(GIVEN DATA Opens)
Lemma capp0 : capp c 0 = 0.
Proof.
apply/matrixP => k l; rewrite !mxE big1 // => i _.
by rewrite big1 // => j _; rewrite mxE mulr0.
Qed.

Lemma capp_is_linear : linear (capp c).
Proof.
move=> k t s; apply/matrixP => p q; rewrite !mxE big_distrr -big_split /=.
apply: eq_bigr => i _; rewrite big_distrr -big_split /=.
by apply: eq_bigr => j _; rewrite !mxE mulrDr mulrCA.
Qed.

Lemma capp_tens2l_linear x : linear (fun z => capp c (tens2 x z)).
Proof.
move=> k z z'; rewrite -capp_is_linear; congr capp.
by apply/matrixP => i j; rewrite !mxE mulrDr mulrCA.
Qed.

Lemma capp_tens2r_linear x : linear (fun z => capp c (tens2 z x)).
Proof.
move=> k z z'; rewrite -capp_is_linear; congr capp.
by apply/matrixP => i j; rewrite !mxE mulrDl mulrA.
Qed.

Lemma tens2_mulmxl_linear g x : linear (fun z => tens2 (z *m g) x).
Proof.
move=> k z z'; rewrite mulmxDl -scalemxAl.
by apply/matrixP => i j; rewrite !mxE mulrDl mulrA.
Qed.

Lemma tens2_mulmxr_linear g x : linear (fun z => tens2 x (z *m g)).
Proof.
move=> k z z'; rewrite mulmxDl -scalemxAl.
by apply/matrixP => i j; rewrite !mxE mulrDr mulrCA.
Qed.

Definition tens3 a b e : 'I_n -> 'I_n -> 'I_n -> F :=
  fun p q r => a 0 p * b 0 q * e 0 r.

Lemma tens3ZlZr k a b e : tens3 (k *: a) b e = tens3 a b (k *: e).
Proof.
apply: functional_extensionality => p; apply: functional_extensionality => q.
by apply: functional_extensionality => r; rewrite /tens3 !mxE; ring.
Qed.

Lemma tens3_inj_mid a b (b' : 'rV[F]_n) e : a != 0 -> e != 0 ->
  tens3 a b e = tens3 a b' e -> b = b'.
Proof.
move=> /rV_neq0_entry [p ap] /rV_neq0_entry [r er] abe; apply/rowP => q.
apply: (mulfI (mulf_neq0 ap er)).
have := congr1 (fun T => T p q r) abe; rewrite /tens3 => abe_pqr.
by rewrite mulrAC abe_pqr mulrAC.
Qed.

Lemma c12_tens3 a b e (a' b' : 'rV[F]_n) :
  capp c (tens2 a b) = tens2 a' b' -> c12 c (tens3 a b e) = tens3 a' b' e.
Proof.
move=> /matrixP ab; apply: functional_extensionality => p.
apply: functional_extensionality => q; apply: functional_extensionality => r.
have := ab p q; rewrite !mxE /c12 /tens3 => <-.
rewrite big_distrl; apply: eq_bigr => i _; rewrite big_distrl.
by apply: eq_bigr => j _; rewrite mxE mulrA.
Qed.
Definition digit (flag other known : bool) : nat :=
  if flag then 1 + other else other + 2 * known.

Lemma digit_correct a b c w : (a == c) ==> (w == c) -> digit (a != c) b w = a + b + c.
Proof. by case: a; case: b; case: c; case: w. Qed.

Section SumCode.
Variable m : nat.
Local Notation k := (m + m).

(* The zero padding keeps every prefix of length N <= 3m available. *)
Definition half_encode (s t r : seq bool) : seq bool :=
  let u := bxor s t in u ++ r ++ mask (map negb u) t ++ nseq m false.

Definition flags (z : seq bool) : seq bool := take m z.
Definition raw (z : seq bool) : seq bool := take m (drop m z).
Definition recovered (z : seq bool) : seq bool :=
  unmask false (map negb (flags z)) (drop k z).

Section HalfEncode.
Variables (s t r : seq bool).
Hypotheses (size_s : size s = m) (size_t : size t = m) (size_r : size r = m).

Lemma size_bxor_half : size (bxor s t) = m.
Proof. by rewrite size_bxor size_s size_t minnn. Qed.

Lemma size_half_encode : size (half_encode s t r) = k + agree s t + m.
Proof.
rewrite /half_encode !size_cat size_bxor_half size_r size_nseq size_mask.
  by rewrite count_map !addnA.
by rewrite size_map size_bxor_half.
Qed.

Lemma take_half_encode : take m (half_encode s t r) = bxor s t.
Proof. by rewrite take_size_cat ?size_bxor_half. Qed.

Lemma flags_half_encode N : m <= N -> flags (take N (half_encode s t r)) = bxor s t.
Proof. by move=> le_mN; rewrite /flags take_takel // take_half_encode. Qed.

Lemma raw_half_encode N : k <= N -> raw (take N (half_encode s t r)) = r.
Proof.
move=> le_kN; rewrite /raw take_drop take_takel // -take_drop.
by rewrite drop_size_cat ?size_bxor_half // take_size_cat.
Qed.

Lemma nth_recovered_half_encode N i : k + agree s t <= N -> i < m ->
  nth false s i = nth false t i ->
  nth false (recovered (take N (half_encode s t r))) i = nth false t i.
Proof.
move=> le_N lt_im eq_st; set w := map negb (bxor s t).
have size_w : size w = m by rewrite size_map size_bxor_half.
have size_mask_w : size (mask w t) = agree s t.
  by rewrite size_mask ?size_w ?size_t // count_map.
rewrite /recovered flags_half_encode; last by lia.
rewrite -/w -(subnK (_ : k <= N)); last by lia.
rewrite -take_drop -drop_drop !drop_size_cat ?size_bxor_half // take_cat size_mask_w.
rewrite ltnNge leq_subRL ?le_N /=; last by lia.
rewrite -/w unmask_cat ?nth_unmask_mask ?size_w //; last by rewrite size_mask_w count_map.
by rewrite (nth_map false) ?size_bxor_half // nth_bxor ?size_s ?size_t ?minnn // eq_st negbK.
Qed.

End HalfEncode.

Definition encode1 (x1 x3 : k.-tuple bool) : seq bool :=
  half_encode (take m x1) (take m x3) (drop m x1).
Definition encode2 (x2 x3 : k.-tuple bool) : seq bool :=
  half_encode (drop m x2) (drop m x3) (take m x2).
(* Let $G$ be a complete geometric graph and let $B$ be a blocker for $\mathcal{T}_{\leq 3}(G)$. Let $a,b$ be two leaves of $B$ with leaf edges $[a,c]$ and $[b,d]$, respectively. If $a,b,c,d$ are mutually distinct, then $a,b,d,c$ are in convex position and, in this cyclic order, are the vertices of a convex quadrilateral (i.e., its sides are $[a,b],[b,d],[d,c],[c,a]$).
   Context: A geometric graph is a graph whose vertices are points in the plane in general position (no three collinear) and whose edges are straight segments between pairs of vertices; $G$ is complete if all pairs of vertices are joined. $\mathcal{T}_{\leq k}(G)$ denotes the family of all simple (non-crossing) spanning trees of $G$ of (graph) diameter at most $k$. A subgraph $B$ blocks a family $\mathcal{F}$ of subgraphs if it shares at least one edge with every member of $\mathcal{F}$; a blocker of $\mathcal{F}$ is a subgraph that blocks $\mathcal{F}$ and has the smallest possible number of edges among all subgraphs blocking $\mathcal{F}$. A leaf of $B$ is a vertex of degree 1 in $B$, and its leaf edge is the unique edge of $B$ containing it. *)

From HB Require Import structures.
From mathcomp Require Import all_boot all_order all_algebra.
Set Implicit Arguments. Unset Strict Implicit. Unset Printing Implicit Defensive.
Import Order.TTheory GRing.Theory Num.Theory.
Local Open Scope ring_scope.

Section GeomGraph.
Variable R : realFieldType.
Variable T : finType.
Variable p : T -> R * R.

Definition orient (u v w : R * R) : R :=
  (v.1 - u.1) * (w.2 - u.2) - (v.2 - u.2) * (w.1 - u.1).

Definition general_position : Prop :=
  injective p /\
  forall x y z : T, x != y -> y != z -> x != z -> orient (p x) (p y) (p z) != 0.

Definition edgesG : {set {set T}} := [set e : {set T} | #|e| == 2%N].
Definition subgraph (H : {set {set T}}) : Prop := H \subset edgesG.

Definition adj (H : {set {set T}}) : rel T := fun u v => (u != v) && ([set u; v] \in H).

Definition segs_meet (x y z w : T) : Prop :=
  exists t s : R, [/\ 0 <= t <= 1, 0 <= s <= 1 &
    ((1 - t) * (p x).1 + t * (p y).1 = (1 - s) * (p z).1 + s * (p w).1 /\
     (1 - t) * (p x).2 + t * (p y).2 = (1 - s) * (p z).2 + s * (p w).2)].

(* simple = no two edges with disjoint endpoints cross *)
Definition noncrossing (H : {set {set T}}) : Prop :=
  forall x y z w : T, [set x; y] \in H -> [set z; w] \in H ->
    x != y -> z != w -> x != z -> x != w -> y != z -> y != w ->
    ~ segs_meet x y z w.

Definition connected (H : {set {set T}}) : Prop :=
  forall u v : T, connect (adj H) u v.

Definition acyclic (H : {set {set T}}) : Prop :=
  forall s : seq T, (3 <= size s)%N -> uniq s -> ~~ cycle (adj H) s.

Definition spanning_tree (H : {set {set T}}) : Prop :=
  subgraph H /\ connected H /\ acyclic H.

Definition diam_le (H : {set {set T}}) (k : nat) : Prop :=
  forall u v : T, exists s : seq T,
    [/\ path (adj H) u s, last u s = v & (size s <= k)%N].

Definition simple_trees_diam_le (k : nat) (H : {set {set T}}) : Prop :=
  spanning_tree H /\ noncrossing H /\ diam_le H k.

Definition blocks (B : {set {set T}}) (F : {set {set T}} -> Prop) : Prop :=
  forall H, F H -> exists2 e, e \in B & e \in H.

Definition blocker (B : {set {set T}}) (F : {set {set T}} -> Prop) : Prop :=
  [/\ subgraph B, blocks B F &
      forall B', subgraph B' -> blocks B' F -> (#|B| <= #|B'|)%N].

Definition leaf (B : {set {set T}}) (a : T) : Prop :=
  #|[set e in B | a \in e]| = 1%N.

Definition convex_quad (x1 x2 x3 x4 : T) : Prop :=
  let o := orient in
  (0 < o (p x1) (p x2) (p x3) /\ 0 < o (p x2) (p x3) (p x4) /\
   0 < o (p x3) (p x4) (p x1) /\ 0 < o (p x4) (p x1) (p x2)) \/
  (o (p x1) (p x2) (p x3) < 0 /\ o (p x2) (p x3) (p x4) < 0 /\
   o (p x3) (p x4) (p x1) < 0 /\ o (p x4) (p x1) (p x2) < 0).

End GeomGraph.

From HB Require Import structures.
From mathcomp Require Import all_boot all_order all_algebra ring lra zify.
Import Order.TTheory GRing.Theory Num.Theory.
Set Implicit Arguments. Unset Strict Implicit. Unset Printing Implicit Defensive.

(* If a, b, d, c were not the consecutive vertices of a convex quadrilateral,
   one could build a noncrossing "double star": the edge ab together with an
   edge from every other vertex to a or to b, where c hangs from b and d hangs
   from a.  Such a spanning tree has diameter at most 3, and each of its edges
   contains a or b; as the only edges of B at the leaves a and b are ac and bd,
   B would miss it, so B would not block the family.  The vertices hung from b
   are c and those in the open wedge at b between the ray bc and the extension
   of ab beyond b; this partition is always noncrossing, so the blocking
   property forces d into that wedge, and symmetrically c into the wedge at a
   between ad and the extension of ba.  These two sign conditions are exactly
   the convexity of abdc. *)

Local Open Scope ring_scope.

Section Orientation.
Variable R : realFieldType.
Implicit Types (u v w P Q : R * R) (s t x y z : R).

Lemma orient_rotl u v w : orient u v w = orient v w u.
Proof. by rewrite /orient; ring. Qed.

Lemma orient_swap23 u v w : orient u w v = - orient u v w.
Proof. by rewrite /orient; ring. Qed.

Lemma orient_repeat13 u v : orient u v u = 0.
Proof. by rewrite /orient; ring. Qed.

Lemma orient_repeat23 u v : orient u v v = 0.
Proof. by rewrite /orient; ring. Qed.

Lemma orient_segment u v P Q t :
  orient u v ((1 - t) * P.1 + t * Q.1, (1 - t) * P.2 + t * Q.2) =
  (1 - t) * orient u v P + t * orient u v Q.
Proof. by rewrite /orient /=; ring. Qed.

Lemma orient_inj P Q : (forall u v, orient u v P = orient u v Q) -> P = Q.
Proof.
case: P Q => [P1 P2] [Q1 Q2] E.
have := E (0, 0) (1, 0); have := E (0, 0) (0, 1); rewrite /orient /= => E1 E2.
by congr pair; lra.
Qed.

(* A three-term Grassmann-Pluecker relation. *)
Lemma orient_plucker (a b c x y : R * R) :
  orient b y c * orient a b x + orient b c x * orient a b y +
  orient b x y * orient a b c = 0.
Proof. by rewrite /orient; ring. Qed.

Lemma mul_gt0_cases x y : 0 < x * y -> (0 < x /\ 0 < y) \/ (x < 0 /\ y < 0).
Proof.
case: (ltgtP x 0) => [xn|xp|->]; last by rewrite mul0r ltxx.
- by rewrite nmulr_rgt0 //; right.
- by rewrite pmulr_rgt0 //; left.
Qed.

Lemma mul_lt0_cases x y : x * y < 0 -> (0 < x /\ y < 0) \/ (x < 0 /\ 0 < y).
Proof.
case: (ltgtP x 0) => [xn|xp|->]; last by rewrite mul0r ltxx.
- by rewrite nmulr_rlt0 //; right.
- by rewrite pmulr_rlt0 //; left.
Qed.

Lemma same_sign_trans s x y : 0 < s * x -> 0 < s * y -> 0 < x * y.
Proof. by move=> /mul_gt0_cases[] [? ?] /mul_gt0_cases[] [? ?]; nra. Qed.

Lemma opposite_sign_trans s x y : 0 < s * x -> s * y < 0 -> x * y < 0.
Proof. by move=> /mul_gt0_cases[] [? ?] /mul_lt0_cases[] [? ?]; nra. Qed.

Lemma vanishing_sum_sign s x1 y1 x2 y2 z : x1 * y1 + x2 * y2 + z * s = 0 ->
  0 < s * x1 -> 0 < s * y1 -> 0 < s * x2 -> 0 < s * y2 -> s * z < 0.
Proof. by move=> *; nra. Qed.

Lemma convex_weights_neq0 s x y : 0 <= s <= 1 -> 0 < x * y ->
  (1 - s) * x + s * y != 0.
Proof.
move=> /andP[s0 s1] /mul_gt0_cases xy; apply/eqP => E.
by case: xy => -[x0 y0]; nra.
Qed.

Lemma weight_eq0 t s x y : 0 <= t -> 0 <= s -> x * y < 0 -> t * x = s * y -> t = 0.
Proof.
move=> t0 s0 /mul_lt0_cases xy E.
have tx0 : t * x = 0 by case: xy => -[x0 y0]; nra.
move/eqP: tx0; rewrite mulf_eq0 => /orP[/eqP //|/eqP x0].
by case: xy; rewrite x0 ltxx => -[].
Qed.

End Orientation.

Section Segments.
Variables (R : realFieldType) (T : finType) (p : T -> R * R).
Local Notation O u v w := (orient (p u) (p v) (p w)).

Lemma segs_meet_revl x y z w : segs_meet p x y z w -> segs_meet p y x z w.
Proof.
case=> t [s [/andP[t0 t1] hs [e1 e2]]]; exists (1 - t), s; split => //.
  by apply/andP; split; lra.
by split; [rewrite -e1|rewrite -e2]; ring.
Qed.

Lemma segs_meetC x y z w : segs_meet p x y z w -> segs_meet p z w x y.
Proof. by case=> t [s [ht hs [e1 e2]]]; exists s, t. Qed.

Lemma segs_meet_revr x y z w : segs_meet p x y z w -> segs_meet p x y w z.
Proof. by move=> /segs_meetC /segs_meet_revl /segs_meetC. Qed.

Lemma segs_meet_orient x y z w : segs_meet p x y z w -> exists t s,
  [/\ 0 <= t <= 1, 0 <= s <= 1 &
   forall u v, (1 - t) * orient u v (p x) + t * orient u v (p y) =
               (1 - s) * orient u v (p z) + s * orient u v (p w)].
Proof.
case=> t [s [ht hs [e1 e2]]]; exists t, s; split => // u v.
by rewrite -!orient_segment e1 e2.
Qed.

Lemma segs_meet_same_side x y u v : 0 < O x y u * O x y v -> ~ segs_meet p x y u v.
Proof.
move=> uv /segs_meet_orient[t [s [_ hs E]]].
have := E (p x) (p y); rewrite orient_repeat13 orient_repeat23 !mulr0 addr0.
by move/esym/eqP; apply/negP: (convex_weights_neq0 hs uv).
Qed.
(GIVEN DATA Closes)
• _PROBLEM DETAILS_: Going back over the entries above, copy word for word every line from the one that has "Lemma c12_tens3 a" on through the one that has "Variables (s t r : seq bool).".

• _OUTPUT_:
Lemma c12_tens3 a b e (a' b' : 'rV[F]_n) :
  capp c (tens2 a b) = tens2 a' b' -> c12 c (tens3 a b e) = tens3 a' b' e.
Proof.
move=> /matrixP ab; apply: functional_extensionality => p.
apply: functional_extensionality => q; apply: functional_extensionality => r.
have := ab p q; rewrite !mxE /c12 /tens3 => <-.
rewrite big_distrl; apply: eq_bigr => i _; rewrite big_distrl.
by apply: eq_bigr => j _; rewrite mxE mulrA.
Qed.
Definition digit (flag other known : bool) : nat :=
  if flag then 1 + other else other + 2 * known.

Lemma digit_correct a b c w : (a == c) ==> (w == c) -> digit (a != c) b w = a + b + c.
Proof. by case: a; case: b; case: c; case: w. Qed.

Section SumCode.
Variable m : nat.
Local Notation k := (m + m).

(* The zero padding keeps every prefix of length N <= 3m available. *)
Definition half_encode (s t r : seq bool) : seq bool :=
  let u := bxor s t in u ++ r ++ mask (map negb u) t ++ nseq m false.

Definition flags (z : seq bool) : seq bool := take m z.
Definition raw (z : seq bool) : seq bool := take m (drop m z).
Definition recovered (z : seq bool) : seq bool :=
  unmask false (map negb (flags z)) (drop k z).

Section HalfEncode.
Variables (s t r : seq bool).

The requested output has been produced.